In Goju there is a different interpretation of kicking depending on whether your school is Okinawan based or Japanese based. Japanese based which is the style developed by Gogen Yamaguchi is more likely to employ the snap kick with recoil that I think you are referring to as 'snappy quick'. It is a good point collector in tournaments. Generally with that kick you lift the knee until the thigh is roughly horizontal before the foot is snapped forward. To me, it is a telegraphed kick that in a tournament you can use as a decoy. It won't work as well on the street as it can be quite easy to catch.

The thrusting kick is a different animal. It facilitates a forward step to close, something you often don't want to do when you are sparring. Okinawan Goju is different in that the objective is to close the gap. So a thrusting kick with your weight behind it going in, then down, makes it much more difficult to hold, even if it is caught.  There are ways of making it almost impossible to catch but that's a different thread.  The thrusting kick appears to be slower because you don't have the snappy retraction but in fact the speed of the kick is the same. You are quite right in suggesting that the snap kick is mainly utilising the leg muscles and that the thrust comes from the hip, but most of the power of the thrusting kick comes from proper transference of body weight. (Similar principle to the WC _one inch punch_.)

Going back to Goju, if you look at the kata that contain front kicks, only Saifa kata fully retracts the leg. Every other kick is a thrusting kick into a step forward.  Saifa, to me, is different because in my Saifa bunkai the 'kick' is not a kick. 

What I am basically saying is you assumption is correct for the reasons I have outlined above.    :asian:


----------



## seasoned (Mar 7, 2013)

Snap kick to the groin thrust kick to the knee. 
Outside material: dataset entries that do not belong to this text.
Hypothesis erg : forall mu : jpol R N A S, is_policy mu -> ergodic P mu.

Lemma Vf_spec beta mu : is_policy mu -> poisson P r beta mu (Vf P r beta mu).
Proof.
move=> mu_pol; apply: epsilon_spec.
have [t Pt_gt0] := erg mu_pol.
have [_ [stat1 statT]] := stat_spec mu_pol.
have avg0 : \sum_s stat P mu s * (fs P r beta mu s - J P r beta mu) = 0.
  under eq_bigr do rewrite mulrBr.
  by rewrite sumrB -mulr_suml stat1 mul1r -(J_Estat beta mu_pol) subrr.
have [|V poissonV] := poisson_solvable (fun s s' => PT_ge0 s s' mu_pol)
  (fun s => PT_sum1 s mu_pol) (t := t) _ stat1 statT avg0.
  by move=> s s'; rewrite -Pn_kpow.
by exists V.
Qed.

Lemma sum_jprob_Af beta mu s : is_policy mu ->
  \sum_a jprob mu s a * Af P r beta mu s a = 0.
Proof.
move=> mu_pol; rewrite /Af /Qf.
rewrite (sum_jprob_telescope s (fun a => fsa P r beta mu s a - J P r beta mu)) //.
under eq_bigr do rewrite mulrBr.
rewrite sumrB -mulr_suml jprob_sum1 // mul1r.
by rewrite -/(fs P r beta mu s) -(Vf_spec beta mu_pol s) subrr.
Qed.

(* Performance difference formula; the quadratic term comes from re-centring
   the variance of mu' at eta mu instead of eta mu'. *)
Lemma J_diff beta mu mu' : is_policy mu -> is_policy mu' ->
  J P r beta mu' - J P r beta mu =
  Estat mu' (Af P r beta mu) + beta * (Defs.eta P r mu' - Defs.eta P r mu) ^+ 2.
Proof.
move=> mu_pol mu'_pol.
have -> : Estat mu' (Af P r beta mu) =
    Estat mu' (fun s a => fsa P r beta mu s a - J P r beta mu).
  exact: (Estat_telescope _ (Vf P r beta mu) mu'_pol).
set e := Defs.eta P r mu; set e' := Defs.eta P r mu'.
rewrite (@eq_Estat mu' _ (fun s a => (1 - 2 * beta * (e' - e)) * r s a +
   ((- beta) * (r s a - e') ^+ 2 + (- beta * (e ^+ 2 - e' ^+ 2) - J P r beta mu)))).
  rewrite 2!EstatDZ EstatC // /J -/e -/e'.
  have -> : Estat mu' r = e' by [].
  have -> : Estat mu' (fun s a => (r s a - e') ^+ 2) = zeta P r mu' by [].
  ring.
by move=> s a; rewrite /fsa -/e; ring.
Qed.

Lemma eta_diff mu mu' : is_policy mu -> is_policy mu' ->
  Defs.eta P r mu' - Defs.eta P r mu = Estat mu' (Af P r 0 mu).
Proof.
by move=> mu_pol mu'_pol; have := J_diff 0 mu_pol mu'_pol; rewrite /J !mul0r !subr0 addr0.
Qed.

Lemma EA_dupd beta d i (m : S -> A i) s :
  EA P r beta (detp d) i s (m s) =
  \sum_a jprob (detp (dupd d i m)) s a * Af P r beta (detp d) s a.
Proof. by rewrite sum_jprob_dupd. Qed.

Lemma EA_self beta d i s : EA P r beta (detp d) i s (d i s) = 0.
Proof. by rewrite (EA_dupd _ _ (d i)) dupd_id sum_jprob_Af //; apply: detp_policy. Qed.

Lemma Estat_dupd_Af beta d i (m : S -> A i) :
  Estat (detp (dupd d i m)) (Af P r beta (detp d)) =
  \sum_s stat P (detp (dupd d i m)) s * EA P r beta (detp d) i s (m s).
Proof. by apply: eq_bigr => s _; rewrite EA_dupd. Qed.

Lemma Estat_mixpol_Af beta dt i (di : S -> A i) (dl : R) :
  Estat (mixpol dt i di dl) (Af P r beta (detp dt)) =
  dl * \sum_s stat P (mixpol dt i di dl) s * EA P r beta (detp dt) i s (di s).
Proof.
rewrite /Estat mulr_sumr; apply: eq_bigr => s _; rewrite mulrCA; congr (_ * _).
under eq_bigr do rewrite jprob_mixpol mulrDl -!mulrA.
by rewrite big_split /= -!mulr_sumr sum_jprob_Af ?mulr0 ?add0r ?EA_dupd //; apply: detp_policy.
Qed.

Lemma PT_mixpol_ge dt i (di : S -> A i) (dl : R) s s' : 0 <= dl <= 1 ->
  (1 - dl) * PT P (detp dt) s s' <= PT P (mixpol dt i di dl) s s'.
Proof.
move=> /andP[dl_ge0 dl_le1]; rewrite /PT mulr_sumr; apply: ler_sum => a _.
rewrite jprob_mixpol [in X in _ <= X]mulrDl !mulrA lerDl.
by rewrite !mulr_ge0 // jprob_ge0 //; apply: detp_policy.
Qed.

(* The mixture keeps weight 1 - dl >= 1/2 on the ergodic chain of dt. *)
Lemma stat_mixpol_ge dt i (di : S -> A i) s1 :
  exists2 p : R, 0 < p &
    forall dl, 0 <= dl <= 2^-1 -> p <= stat P (mixpol dt i di dl) s1.
Proof.
have [t Pt_gt0] := erg (detp_policy dt).
pose Tt s := kpow (PT P (detp dt)) t s s1.
have [smin _ smin_min] := @arg_minP _ _ S s1 xpredT Tt isT.
exists ((2^-1) ^+ t * Tt smin).
  by rewrite mulr_gt0 ?exprn_gt0 ?invr_gt0 ?ltr0n // /Tt -Pn_kpow.
move=> dl /andP[dl_ge0 dl_half].
have dl01 : 0 <= dl <= 1 by rewrite dl_ge0 (le_trans dl_half) // invf_le1 ?ler1n.
have [stat_ge0 [stat1 statT]] := stat_spec (mixpol_policy dt di dl01).
apply: le_trans (stationary_ge_scale (fun s s' => PT_ge0 s s' (detp_policy dt)) _
  (fun s s' => @PT_mixpol_ge dt i di dl s s' dl01) stat_ge0 stat1 statT
  (fun s => smin_min s isT)).
  rewrite ler_wpM2r ?(kpow_ge0 (fun s s' => PT_ge0 s s' (detp_policy dt))) //.
  by apply: lerXn2r; rewrite ?nnegrE; lra.
by rewrite subr_ge0; case/andP: dl01.
Qed.

Section ModifiedMVMAPI.
Variable beta : R.
Hypothesis beta_ge0 : 0 <= beta.

Lemma MVret_argmax d0 dt : MVret P r beta d0 dt ->
  forall i s, is_argmax P r beta (detp dt) i s (dt i s).
Proof.
elim=> [d sigma sweep_d | //] i s.
have := (sweep_d (sigma^-1 i)%g s).1; rewrite permKV.
rewrite (_ : hat d d sigma _ = d) //.
by apply: functional_extensionality_dep => j; rewrite /hat; case: ifP.
Qed.

Lemma ModOut_argmax d0 dt : ModOut P r beta d0 dt ->
  forall i s, is_argmax P r beta (detp dt) i s (dt i s).
Proof. by elim=> [d0' dt' /MVret_argmax | ]. Qed.

Lemma ModOut_eta d0 dt i (di : S -> A i) : ModOut P r beta d0 dt ->
  Dset P r beta dt i di -> Defs.eta P r (detp (dupd dt i di)) = Defs.eta P r (detp dt).
Proof. by move=> out; elim: out i di => [d0' dt' _ eta_eq | //] i di /eta_eq. Qed.

Lemma Dset_EA dt i (di : S -> A i) :
  (forall j s, is_argmax P r beta (detp dt) j s (dt j s)) ->
  Dset P r beta dt i di -> forall s, EA P r beta (detp dt) i s (di s) = 0.
Proof.
move=> dt_max [_ di_max] s; rewrite -(EA_self beta dt i s).
by apply/eqP; rewrite eq_le dt_max di_max.
Qed.

Lemma J_Dmu d0 dt d : ModOut P r beta d0 dt -> Dmu P r beta dt d ->
  J P r beta (detp dt) = J P r beta (detp d).
Proof.
move=> out [i [di [Ddi ->]]]; apply/eqP; rewrite eq_sym -subr_eq0; apply/eqP.
rewrite J_diff; [|exact: detp_policy..].
rewrite Estat_dupd_Af (ModOut_eta out Ddi) subrr expr2 !mulr0 addr0.
by rewrite big1 // => s _; rewrite (Dset_EA (ModOut_argmax out) Ddi) mulr0.
Qed.

Lemma not_Dmu_self dt : ~ Dmu P r beta dt dt.
Proof. by case=> i [di [[di_neq _] dt_eq]]; apply: di_neq; rewrite dt_eq dupd_eq. Qed.

Definition of_actions (g : {ffun S -> jact N A}) : dpol N A S := fun i s => g s i.

Lemma J_le_greedy mu (g : {ffun S -> jact N A}) : is_policy mu ->
  (forall s a, Af P r beta mu s a <= Af P r beta mu s (g s)) ->
  J P r beta mu <= J P r beta (detp (of_actions g)).
Proof.
move=> mu_pol g_max.
have g_pol : is_policy (detp (R := R) (of_actions g)) by apply: detp_policy.
rewrite -subr_ge0 J_diff //; apply: addr_ge0; last by rewrite mulr_ge0 // sqr_ge0.
apply: sumr_ge0 => s _; rewrite mulr_ge0 ?(stat_spec g_pol).1 //.
rewrite sum_jprob_detp (_ : dact _ s = g s); last by apply/ffunP => i; rewrite ffunE.
rewrite -(sum_jprob_Af beta s mu_pol) -[leRHS]mul1r -(jprob_sum1 s mu_pol) mulr_suml.
by apply: ler_sum => a _; rewrite ler_wpM2l ?jprob_ge0 ?g_max.
Qed.

Lemma exists_greedy (a0 : jact N A) mu : is_policy mu ->
  exists g, J P r beta mu <= J P r beta (detp (of_actions g)).
Proof.
move=> mu_pol; exists [ffun s => [arg max_(a > a0) Af P r beta mu s a]%O].
apply: J_le_greedy => // s a; rewrite ffunE.
by case: arg_maxP => // b _; apply.
Qed.

Lemma optimal_outside_Dmu d0 dt : ModOut P r beta d0 dt ->
  exists dstar : dpol N A S, ~ Dmu P r beta dt dstar /\
    forall mu, is_policy mu -> J P r beta mu <= J P r beta (detp dstar).
Proof.
move=> out; pose a0 := dact dt s0.
have [gm _ gm_max] :=
  @arg_maxP _ _ _ [ffun=> a0] xpredT (fun g => J P r beta (detp (of_actions g))) isT.
have J_le_gm mu : is_policy mu -> J P r beta mu <= J P r beta (detp (of_actions gm)).
  by move=> mu_pol; have [g Jg] := exists_greedy a0 mu_pol; apply: le_trans Jg (gm_max g isT).
have [Dgm|nDgm] := classic (Dmu P r beta dt (of_actions gm)); last by exists (of_actions gm).
exists dt; split; first exact: not_Dmu_self.
by move=> mu mu_pol; rewrite (J_Dmu out Dgm); apply: J_le_gm.
Qed.

Lemma EA_neg_of_not_Dmu dt i (di : S -> A i) :
  (forall j s, is_argmax P r beta (detp dt) j s (dt j s)) ->
  di <> dt i -> ~ Dmu P r beta dt (dupd dt i di) ->
  exists s1, EA P r beta (detp dt) i s1 (di s1) < 0.
Proof.
move=> dt_max di_neq not_D; apply: NNPP => no_neg.
apply: not_D; exists i, di; split=> //; split=> // s b.
apply: le_trans (dt_max i s b) _; rewrite EA_self leNgt.
by apply/negP => EA_lt0; apply: no_neg; exists s.
Qed.

Lemma J_mixpol_diff dt i (di : S -> A i) (dl : R) : 0 <= dl <= 1 ->
  J P r beta (mixpol dt i di dl) - J P r beta (detp dt) =
  dl * \sum_s stat P (mixpol dt i di dl) s * EA P r beta (detp dt) i s (di s) +
  beta * (dl * \sum_s stat P (mixpol dt i di dl) s * EA P r 0 (detp dt) i s (di s)) ^+ 2.
Proof.
move=> dl01; have mix_pol := mixpol_policy dt di dl01.
by rewrite J_diff ?eta_diff ?Estat_mixpol_Af //; apply: detp_policy.
Qed.

Lemma J_mixpol_lt dt i (di : S -> A i) s1 :
  (forall j s, is_argmax P r beta (detp dt) j s (dt j s)) ->
  EA P r beta (detp dt) i s1 (di s1) < 0 ->
  exists2 e : R, 0 < e & forall dl, 0 < dl <= e ->
    J P r beta (mixpol dt i di dl) < J P r beta (detp dt).
Proof.
move=> dt_max EA_lt0.
have [p p_gt0 p_le] := stat_mixpol_ge dt di s1.
pose G s := EA P r beta (detp dt) i s (di s).
pose H s := EA P r 0 (detp dt) i s (di s).
pose K := \sum_s `|H s|.
pose c := p * - G s1.
have c_gt0 : 0 < c by rewrite mulr_gt0 // oppr_gt0.
have K_ge0 : 0 <= K by apply: sumr_ge0 => s _; apply: normr_ge0.
have den_gt0 : 0 < beta * K ^+ 2 + 1 by rewrite ltr_wpDl ?mulr_ge0 ?sqr_ge0.
exists (Num.min (2^-1) (c / (beta * K ^+ 2 + 1))).
  by rewrite lt_min invr_gt0 ltr0n divr_gt0.
move=> dl /andP[dl_gt0]; rewrite le_min => /andP[dl_half dl_c].
have dl01 : 0 <= dl <= 1 by apply/andP; split; lra.
have [pi_ge0 [pi1 _]] := stat_spec (mixpol_policy dt di dl01).
set pi := stat P (mixpol dt i di dl) in pi_ge0 pi1 p_le *.
have pi_le1 s : pi s <= 1.
  by rewrite -pi1 (bigD1 s) //= lerDl; apply: sumr_ge0 => s' _.
have first_order : \sum_s pi s * G s <= - c.
  rewrite (bigD1 s1) //= -[- c]addr0; apply: lerD.
    by rewrite /c mulrN opprK; apply: ler_wnM2r; [exact: ltW | apply: p_le; lra].
  apply: sumr_le0 => s _; apply: mulr_ge0_le0 => //.
  by rewrite /G -(EA_self beta dt i s) dt_max.
have second_order : `|\sum_s pi s * H s| <= K.
  apply: le_trans (ler_norm_sum _ _ _) _; apply: ler_sum => s _.
  by rewrite normrM ger0_norm //; apply: ler_piMl.
rewrite -subr_lt0 J_mixpol_diff // -/pi.
set g := \sum_s pi s * G s in first_order *.
set h := \sum_s pi s * H s in second_order *.
have h2 : beta * (dl * h) ^+ 2 <= beta * (dl * K) ^+ 2.
  rewrite ler_wpM2l // !exprMn ler_wpM2l ?sqr_ge0 //.
  by move: second_order; rewrite ler_norml => /andP [? ?]; nra.
have dl_c' : dl * (beta * K ^+ 2 + 1) <= c by rewrite -ler_pdivlMr.
nra.
Qed.

Lemma strict_local_nash d0 dt : ModOut P r beta d0 dt ->
  exists dbar : R, 0 < dbar <= 1 /\
    forall delta : R, 0 < delta <= dbar ->
    forall (i : 'I_N) (di : S -> A i),
      di <> dt i -> ~ Dmu P r beta dt (dupd dt i di) ->
      J P r beta (mixpol dt i di delta) < J P r beta (detp dt).
Proof.
move=> out; have dt_max := ModOut_argmax out.
pose Q (x : {i : 'I_N & {ffun S -> A i}}) (e : R) :=
  forall dl, 0 < dl <= e -> (tagged x : S -> A (tag x)) <> dt (tag x) ->
    ~ Dmu P r beta dt (dupd dt (tag x) (tagged x)) ->
    J P r beta (mixpol dt (tag x) (tagged x) dl) < J P r beta (detp dt).
have [|[i f]|e e01 Qe] := @exists_uniform_threshold _ _ Q.
- move=> x e e' Qe /andP[e'_gt0 e'_le] dl /andP[dl_gt0 dl_le]; apply: Qe.
  by rewrite dl_gt0 (le_trans dl_le e'_le).
- have [[f_neq not_D]|] :=
    classic ((f : S -> A i) <> dt i /\ ~ Dmu P r beta dt (dupd dt i f)).
    have [s1 EA_lt0] := EA_neg_of_not_Dmu dt_max f_neq not_D.
    by have [e e_gt0 J_lt] := J_mixpol_lt dt_max EA_lt0; exists e => // dl /J_lt.
  by move=> cond; exists 1 => // dl _ f_neq not_D; case: cond.
exists e; split=> // dl dl_e i di; have := Qe (Tagged _ [ffun s => di s]) dl dl_e.
by rewrite /= (_ : fun_of_fin _ = di) //; apply: functional_extensionality => s; rewrite ffunE.
Qed.

End ModifiedMVMAPI.
End TeamGame.

Unset Implicit Arguments.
The deferents is like a ball bouncing back off the target while the thrust is like mud sticking to the target. Each has it's place. A snap to the groin leaves the target in place but bent over slightly, the thrust to the ribs sends the target reeling back, with hopefully cracked ribs.


----------



## Dirty Dog (Mar 7, 2013)

I use a thrust kick for closing or creating a gap and for targets low on the body (nothing higher than the solar plexus). I use the snap kick for shots to any part of the body or for closing the gap.
Both can have tons of power in them.


----------



## Touch Of Death (Mar 7, 2013)

K-man said:


> In Goju there is a different interpretation of kicking depending on whether your school is Okinawan based or Japanese based. Japanese based which is the style developed by Gogen Yamaguchi is more likely to employ the snap kick with recoil that I think you are referring to as 'snappy quick'. It is a good point collector in tournaments. Generally with that kick you lift the knee until the thigh is roughly horizontal before the foot is snapped forward. To me, it is a telegraphed kick that in a tournament you can use as a decoy. It won't work as well on the street as it can be quite easy to catch.
> 
> The thrusting kick is a different animal. It facilitates a forward step to close, something you often don't want to do when you are sparring. Okinawan Goju is different in that the objective is to close the gap. So a thrusting kick with your weight behind it going in, then down, makes it much more difficult to hold, even if it is caught.  There are ways of making it almost impossible to catch but that's a different thread.  The thrusting kick appears to be slower because you don't have the snappy retraction but in fact the speed of the kick is the same. You are quite right in suggesting that the snap kick is mainly utilising the leg muscles and that the thrust comes from the hip, but most of the power of the thrusting kick comes from proper transference of body weight. (Similar principle to the WC _one inch punch_.)
> 
> ...


What?


----------



## K-man (Mar 7, 2013)

Touch Of Death said:


> What?


Not sure if your question refers to my typo or my explanation from a Goju perspective.


----------



## Touch Of Death (Mar 7, 2013)

K-man said:


> Not sure if your question refers to my typo or my explanation from a Goju perspective.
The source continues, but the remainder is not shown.